Comparing organoids and patients
After treating the organoids with radiotherapy, the team showed that the organoid response resembled treatment responses in patients. "The organoids therefore hold potential for predicting patient outcomes. The correlation between organoid and patient response was there for patients receiving adjuvant radiotherapy, meaning that radiation is used in addition to surgical resection of the tumor. In cases where patients received radiotherapy as a primary treatment, we need to investigate this further," explains Millen. The researchers also studied the effect of chemoradiotherapy, a combination of radiation and chemotherapy. "Here we show that two specific chemotherapy drugs, cisplatin and carboplatin, have a radiosensitizing effect in the organoids. This means that it makes the tumor cells more sensitive to radiotherapy. These results are consistent with what we see in the clinic and therefore underline again the predictive potential of organoids in this setting," says Driehuis.
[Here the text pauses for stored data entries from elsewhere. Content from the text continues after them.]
Lemma normal_norms G X Y : X <| G -> Y <| G -> X \subset 'N(Y).
Proof. by move=> nsXG nsYG; apply: subset_trans (normal_sub nsXG) (normal_norm nsYG). Qed.

Lemma quotient_dprod_normalP G N T Z H :
    N <| G -> T <| G -> Z <| G -> H <| G -> N \subset T -> N \subset Z -> N \subset H ->
  (T / N) \x (Z / N) = H / N <-> T :&: Z = N /\ T * Z = H.
Proof.
move=> nsNG nsTG nsZG nsHG sNT sNZ sNH.
have nNT := normal_norms nsTG nsNG; have nNZ := normal_norms nsZG nsNG.
have defTZ : T <*> Z = T * Z := norm_joinEr (normal_norms nsZG nsTG).
split=> [/dprodP [_ defH _ trTZ] | [meetTZ defH]].
  have meetTZ : T :&: Z = N.
    apply/eqP; rewrite eqEsubset subsetI sNT sNZ !andbT.
    by rewrite -quotient_sub1 ?subIset ?nNT // quotientGI // trTZ.
  split=> //; rewrite -defTZ; apply: (quotient_inj (H := N)).
  - exact: normalS (subset_trans sNT (joing_subl T Z)) (normal_sub (normalY nsTG nsZG)) nsNG.
  - exact: normalS sNH (normal_sub nsHG) nsNG.
  by rewrite /= defTZ quotientMl.
have cTZ : Z / N \subset 'C(T / N).
  apply: quotient_cents2r; rewrite -meetTZ setIC.
  by apply: commg_subI; rewrite subsetI subxx ?(normal_norms nsZG nsTG) ?(normal_norms nsTG nsZG).
by rewrite dprodE // -?quotientMl -?quotientGI ?defH ?meetTZ ?trivg_quotient.
Qed.

Lemma chief_factorP G K H : chief_factor G K H <->
  [/\ H <| G, K <| G, K \proper H &
      forall X, X <| G -> K \subset X -> X \subset H -> X :=: K \/ X :=: H].
Proof.
rewrite /chief_factor /maxnormal; split.
  case/andP => /maxgroupP [/andP [pKH nKG] maxK] nsHG.
  have sKG : K \subset G := subset_trans (proper_sub pKH) (normal_sub nsHG).
  split; rewrite /normal ?sKG // => X nsXG sKX sXH.
  have [->|neXH] := eqVneq X H; [by right | left].
  by apply: maxK; rewrite ?properEneq ?neXH ?sXH ?(normal_norm nsXG).
case=> nsHG nsKG pKH maxK; rewrite nsHG andbT; apply/maxgroupP.
split=> [|X /andP [pXH nXG] sKX]; first by rewrite pKH (normal_norm nsKG).
have nsXG : X <| G by rewrite /normal nXG (subset_trans (proper_sub pXH)) ?normal_sub.
have [//|eXH] := maxK X nsXG sKX (proper_sub pXH).
by move: pXH; rewrite eXH properxx.
Qed.

Lemma chief_factor_normal G K H : chief_factor G K H -> H <| G /\ K <| G.
Proof. by case/chief_factorP. Qed.

Lemma chief_factor_sub G K H : chief_factor G K H -> K \subset H.
Proof. by case/chief_factorP => _ _ /proper_sub. Qed.

Lemma chief_factor_nested_eq G K H B A :
  chief_factor G K H -> chief_factor G B A -> K \subset B -> A \subset H ->
  A :=: H /\ B :=: K.
Proof.
case/chief_factorP => _ _ pKH maxK /chief_factorP [nsAG nsBG pBA _] sKB sAH.
have sBA := proper_sub pBA.
have eAH : A :=: H.
  have [eAK|//] := maxK A nsAG (subset_trans sKB sBA) sAH.
  by move: pBA; rewrite eAK => /proper_sub_trans/(_ sKB); rewrite properxx.
split=> //; have [//|eBH] := maxK B nsBG sKB (subset_trans sBA sAH).
by move: pBA; rewrite eBH eAH properxx.
Qed.

Lemma chief_factor_mul G T H N : chief_factor G T H -> N <| G -> N \subset H ->
  ~~ (N \subset T) -> T * N = H.
Proof.
case/chief_factorP => nsHG nsTG pTH maxT nsNG sNH sNT'.
rewrite -norm_joinEr ?(normal_norms nsNG nsTG) //.
have sTNH : T <*> N \subset H by rewrite join_subG proper_sub.
case: (maxT _ (normalY nsTG nsNG) (joing_subl T N) sTNH) => // eTN.
by case/negP: sNT'; rewrite -eTN joing_subr.
Qed.

Section SecondIsomorphism.
Variables G A B C : {group gT}.
Hypotheses (nsAG : A <| G) (nsBG : B <| G) (nsCG : C <| G) (defA : C * B = A).

Let sBA : B \subset A. Proof. by rewrite -defA mulG_subr. Qed.
Let sCA : C \subset A. Proof. by rewrite -defA mulG_subl. Qed.

Lemma chief_factor_meet_of_mul : chief_factor G B A -> chief_factor G (B :&: C) C.
Proof.
case/chief_factorP => _ _ pBA maxB; apply/chief_factorP; split; rewrite ?normalI //.
  rewrite properEneq subsetIr andbT; apply: contraTneq pBA => eBC.
  by rewrite -defA mulSGid ?properxx // -eBC subsetIl.
move=> X nsXG sBCX sXC.
have nBX : X \subset 'N(B) := normal_norms nsXG nsBG.
have sXBA : X <*> B \subset A by rewrite join_subG sBA (subset_trans sXC sCA).
case: (maxB _ (normalY nsXG nsBG) (joing_subr X B) sXBA) => /= eXB; [left | right].
  apply/eqP; rewrite eqEsubset sBCX andbT subsetI sXC andbT.
  by rewrite -eXB joing_subl.
have := group_modl B sXC.
rewrite (mulGSid sBCX) -(norm_joinEl nBX) eXB -defA => ->.
by apply/setIidPr; rewrite mulG_subl.
Qed.

Lemma chief_factor_mul_of_meet : chief_factor G (B :&: C) C -> chief_factor G B A.
Proof.
case/chief_factorP => _ _ pBCC maxBC; apply/chief_factorP; split=> //.
  rewrite properEneq sBA andbT; apply: contraTneq pBCC => eBA.
  by rewrite /= eBA (setIidPr sCA) properxx.
move=> X nsXG sBX sXA.
have sBCXC : B :&: C \subset X :&: C := setSI C sBX.
case: (maxBC _ (normalI nsXG nsCG) sBCXC (subsetIr X C)) => /= eXC; [left | right].
  apply/eqP; rewrite eqEsubset sBX andbT.
  have := group_modr C sBX; rewrite eXC (mulSGid (subsetIl B C)) defA => ->.
  by rewrite subsetI subxx sXA.
by apply/eqP; rewrite eqEsubset sXA -defA mul_subG // -eXC subsetIl.
Qed.

Lemma Giso_chief_second_isom : Giso_chief G C (B :&: C) A B.
Proof.
have nBC : C \subset 'N(B) := normal_norms nsCG nsBG.
have nBCG : G \subset 'N(B :&: C) := normal_norm (normalI nsBG nsCG).
have [phi injphi imphi] := second_isom nBC.
have phiE y : y \in C -> phi (coset (B :&: C) y) = coset B y.
  move=> Cy; have NBCy : y \in 'N(B :&: C).
    exact: subsetP nBCG y (subsetP (normal_sub nsCG) y Cy).
  have := imphi [set y]; rewrite sub1set Cy quotient_set1 // morphim_set1.
    by rewrite quotient_set1 ?(subsetP nBC) // => /(_ isT) /set1_inj.
  exact: mem_quotient.
exists phi; split.
  by apply/isomP; rewrite injphi imphi //= -defA quotientMidr.
move=> g Gg _ /morphimP [c Nc Cc ->].
have Ccg : c ^ g \in C by rewrite memJ_norm // (subsetP (normal_norm nsCG)).
have NBCg : g \in 'N(B :&: C) := subsetP nBCG g Gg.
have NBg : g \in 'N(B) := subsetP (normal_norm nsBG) g Gg.
have NBc : c \in 'N(B) := subsetP nBC c Cc.
by rewrite -morphJ // phiE // phiE // morphJ.
Qed.

End SecondIsomorphism.

End ChiefFactors.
Some of the discoveries made by the team could have implications for HNC patients in the near future. For example, they showed that the drug cetuximab made the tumor organoids less sensitive to radiotherapy. Driehuis explains: "This is surprising, because the combination of this drug and radiotherapy is given to some HNC patients in the clinic today. In patients, it's difficult to distinguish the individual contributions of the drug and the radiation therapy to the overall effect of this combination treatment, but in the organoids we can pull that apart. Our results fit with recent published data that show that survival of patients treated with cetuximab and radiotherapy is worse compared to treatment with radiotherapy alone. The clinical implication of these findings would be that it's better to wait with cetuximab until after radiation therapy, but this change in timing of treatment is something you would need to test in patients of course." The team also showed that a so-called PRMT5 inhibitor, a novel drug already in clinical trials for other cancer types, could be effective for a subgroup of HNC patients. Millen: "We sequenced the DNA of the organoids, to investigate the relationship between specific genetic mutations and the response to treatments. By doing so, we found that tumors with loss of the gene CDKN2A were responsive to treatment with this novel drug. It would be very interesting to see whether this effect is also found in patients, especially since this mutation is present in over 50% of HNSCC cases." Driehuis concludes: "Taken together, our results highlight the clinical relevance of organoids derived from patient tumor tissue. One of the next steps would be to design a clinical trial, to really use the organoids to guide treatment decisions in HNC patients."
This study was funded by the Oncode Clinical Proof of Concept fund.
Millen, R., et al. (2023) Patient-derived head and neck cancer organoids allow treatment stratification and serve as a tool for biomarker validation and identification. Med. doi.org/10.1016/j.medj.2023.04.003.